**Requirement**: Both the line with "by have [->|_]" and the line with "case/in_codeP => u" in the records below must appear in the output, along with every line between them, exactly and with nothing added.

**Record set**:
(* If D = 2 (mod 4), the nonzero residual supports have even size at least
   D/2, an odd number, so size at least D/2 + 1: one more than a Griesmer code
   can afford. *)
Lemma so_griesmer_mindist_mod4 k n (G : 'M['F_2]_(k, n)) :
  1 < k -> row_free G -> self_orthogonal G -> n = griesmer k (mindist G) ->
  4 %| mindist G.
Proof.
case: k G => [|[|k]] // G _ Gfree Gso Gn.
have D_even := so_mindist_even (isT : 0 < k.+2) Gfree Gso.
have [x0 [x0G x0_neq0 wt_x0]] := mindist_attained (isT : 0 < k.+2) Gfree.
set D := mindist G in Gn D_even wt_x0 *; set F := supp_family G; set c := supp x0.
have closedF : symdiff_closed F := supp_family_closed G.
have cF : c \in F by apply: imset_f; rewrite inE.
have c_neq0 : c != set0.
  by apply: contraNneq x0_neq0; rewrite /c -(supp0 n) => /supp_inj ->.
have c_min : {in F, forall s, s != set0 -> #|c| <= #|s|}.
  rewrite /c -wtE wt_x0; exact: supp_family_weight.
apply: contraT => D_not4.
have wtR : {in residual F c, forall y, y != set0 -> D %/ 2 + 1 <= #|y|}.
  move=> y yR y_neq0; have := residual_weight closedF c_min cF yR y_neq0.
  have : ~~ odd #|y|.
    case/imsetP: yR => _ /imsetP[x + ->] ->; rewrite inE => xG.
    exact: residual_supp_even Gso xG x0G.
  move: D_even D_not4; rewrite /c -wtE wt_x0 -!dvdn2; lia.
have cardR : 2 ^ k.+1 <= #|residual F c|.
  rewrite -(leq_pmul2l (isT : 0 < 2)) -expnS -(card_supp_family Gfree).
  exact: card_residual closedF c_min c_neq0.
have subR : {in residual F c, forall y : {set 'I_n}, y \subset ~: c}.
  by move=> _ /imsetP[s _ ->]; rewrite setDE subsetIr.
have := griesmer_family (residual_closed c closedF) cardR subR wtR; rewrite addn1.
have := griesmer_ltS (D %/ 2) (isT : 0 < k.+1).
have := cardsC c; rewrite card_ord /c -wtE wt_x0.
have half : (D + 1) %/ 2 = D %/ 2 by move: D_even; rewrite -dvdn2; lia.
by move: Gn; rewrite griesmerS half; lia.
Qed.

Lemma so_griesmer_gap k d (G : 'M['F_2]_(k, griesmer k (d + 4))) :
  0 < k -> row_free G -> self_orthogonal G -> mindist G = d + 4 ->
  griesmer k (d + 4) <= griesmer k (d + 2) + 3.
Proof.
move=> k_gt0 Gfree Gso Gd; have [k_gt1|k_le1] := ltnP 1 k; last first.
  have -> : k = 1 by lia.
  by rewrite !griesmer1; lia.
have := so_griesmer_mindist_mod4 k_gt1 Gfree Gso; rewrite Gd => /(_ erefl) dvd4.
have -> : d + 4 = 4 * (d %/ 4) + 4 by lia.
have -> : d + 2 = 4 * (d %/ 4) + 2 by lia.
by rewrite griesmer_gap_mul4.
Qed.

Lemma equal_columns k n (G : 'M['F_2]_(k, n)) : 2 ^ k < n ->
  exists j1 j2 : 'I_n, j1 != j2 /\ col j1 G = col j2 G.
Proof.
move=> lt_2k_n; have : ~~ injectiveb (fun j => col j G).
  apply/negP => /injectiveP/leq_card; rewrite card_ord card_mx card_Fp // muln1; lia.
by case/injectivePn => j1 [j2 j12 colG]; exists j1, j2.
Qed.

Section ColumnEmbedding.
Variables (n N : nat) (K : {set 'I_n}).

(* Column j of the new matrix is the j-th column in K (in enumeration order)
   when j < #|K|, and zero otherwise. *)
Definition embed_col (j : 'I_N) : option 'I_n :=
  omap enum_val (insub (val j) : option 'I_#|K|).

Definition embed_mx m (M : 'M['F_2]_(m, n)) : 'M['F_2]_(m, N) :=
  \matrix_(i, j) oapp (M i) 0%R (embed_col j).

Lemma mul_embed_mx p m (A : 'M['F_2]_(p, m)) (M : 'M_(m, n)) :
  (A *m embed_mx M)%R = embed_mx (A *m M)%R.
Proof.
apply/matrixP=> i j; rewrite !mxE; under eq_bigr => l _ do rewrite mxE.
case: (embed_col j) => [a|] /=; first by rewrite mxE.
by rewrite big1 // => l _; rewrite mulr0.
Qed.

Lemma supp_embed_mx (x : 'rV['F_2]_n) :
  supp (embed_mx x) = embed_col @^-1: (Some @: supp x).
Proof.
apply/setP=> j; rewrite !inE mxE; case: (embed_col j) => [a|] /=.
  by rewrite mem_imset ?inE //; apply: Some_inj.
by apply/esym/negbTE/imsetP => -[].
Qed.

Hypothesis leKN : #|K| <= N.

Lemma card_embed_col_preim (A : {set 'I_n}) : #|embed_col @^-1: (Some @: A)| = #|A :&: K|.
Proof.
have widen_inj : injective (widen_ord leKN) by move=> i i' [] /ord_inj.
have -> : embed_col @^-1: (Some @: A) = widen_ord leKN @: [set i | enum_val i \in A].
  apply/setP=> j; rewrite inE /embed_col; case: insubP => [i _ ij|j_ge] /=.
    have -> : j = widen_ord leKN i by apply: val_inj.
    by rewrite (mem_imset _ _ Some_inj) (mem_imset _ _ widen_inj) inE.
  apply/idP/imsetP => [/imsetP[? _] //|[i _ ji]].
  by move: j_ge; rewrite ji /= ltn_ord.
rewrite card_imset // -(card_imset _ enum_val_inj); apply: eq_card => a.
rewrite inE; apply/imsetP/andP => [[i + ->]|[aA aK]].
  by rewrite inE => ?; split; last exact: enum_valP.
by exists (enum_rank_in aK a); rewrite ?inE enum_rankK_in.
Qed.

Lemma wt_embed_mx (x : 'rV['F_2]_n) : wt (embed_mx x) = #|supp x :&: K|.
Proof. by rewrite wtE supp_embed_mx card_embed_col_preim. Qed.

Lemma card_supp_embed_mxI (x y : 'rV['F_2]_n) :
  #|supp (embed_mx x) :&: supp (embed_mx y)| = #|supp x :&: supp y :&: K|.
Proof.
rewrite !supp_embed_mx -preimsetI -imsetI ?card_embed_col_preim //.
by move=> a b _ _ [].
Qed.

End ColumnEmbedding.

Lemma card_pair_split (T : finType) (a b : T) (S : {set T}) : a != b ->
  (a \in S) = (b \in S) -> #|S| = (a \in S).*2 + #|S :&: ~: [set a; b]|.
Proof.
move=> ab Sab; rewrite -setDE -(cardsID [set a; b] S); congr (_ + _).
case aS: (a \in S).
  by rewrite (setIidPr _) ?cards2 ?ab // subUset !sub1set aS -Sab aS.
apply/eqP; rewrite cards_eq0; apply/eqP/setP=> i; rewrite !inE.
have [->|_] := eqVneq i a; first by rewrite aS.
by have [->|_] := eqVneq i b; rewrite -?Sab ?aS ?andbF.
Qed.

Section PunctureEqualColumns.
Variables (k n N : nat) (G : 'M['F_2]_(k, n)) (j1 j2 : 'I_n).
Hypotheses (j12 : j1 != j2) (colG : col j1 G = col j2 G).

Local Notation K := (~: [set j1; j2]).
Local Notation punct := (embed_mx N K).

Lemma codeword_cols_eq x : in_code G x -> x ord0 j1 = x ord0 j2.
Proof.
case/in_codeP => u ->; rewrite !mxE; apply: eq_bigr => i _.
by move/colP: colG => /(_ i); rewrite !mxE => ->.
Qed.

Hypothesis leN : n - 2 <= N.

**Result of the exercise**:
by have [->|_] := eqVneq i b; rewrite -?Sab ?aS ?andbF.
Qed.

Section PunctureEqualColumns.
Variables (k n N : nat) (G : 'M['F_2]_(k, n)) (j1 j2 : 'I_n).
Hypotheses (j12 : j1 != j2) (colG : col j1 G = col j2 G).

Local Notation K := (~: [set j1; j2]).
Local Notation punct := (embed_mx N K).

Lemma codeword_cols_eq x : in_code G x -> x ord0 j1 = x ord0 j2.
Proof.
case/in_codeP => u ->; rewrite !mxE; apply: eq_bigr => i _.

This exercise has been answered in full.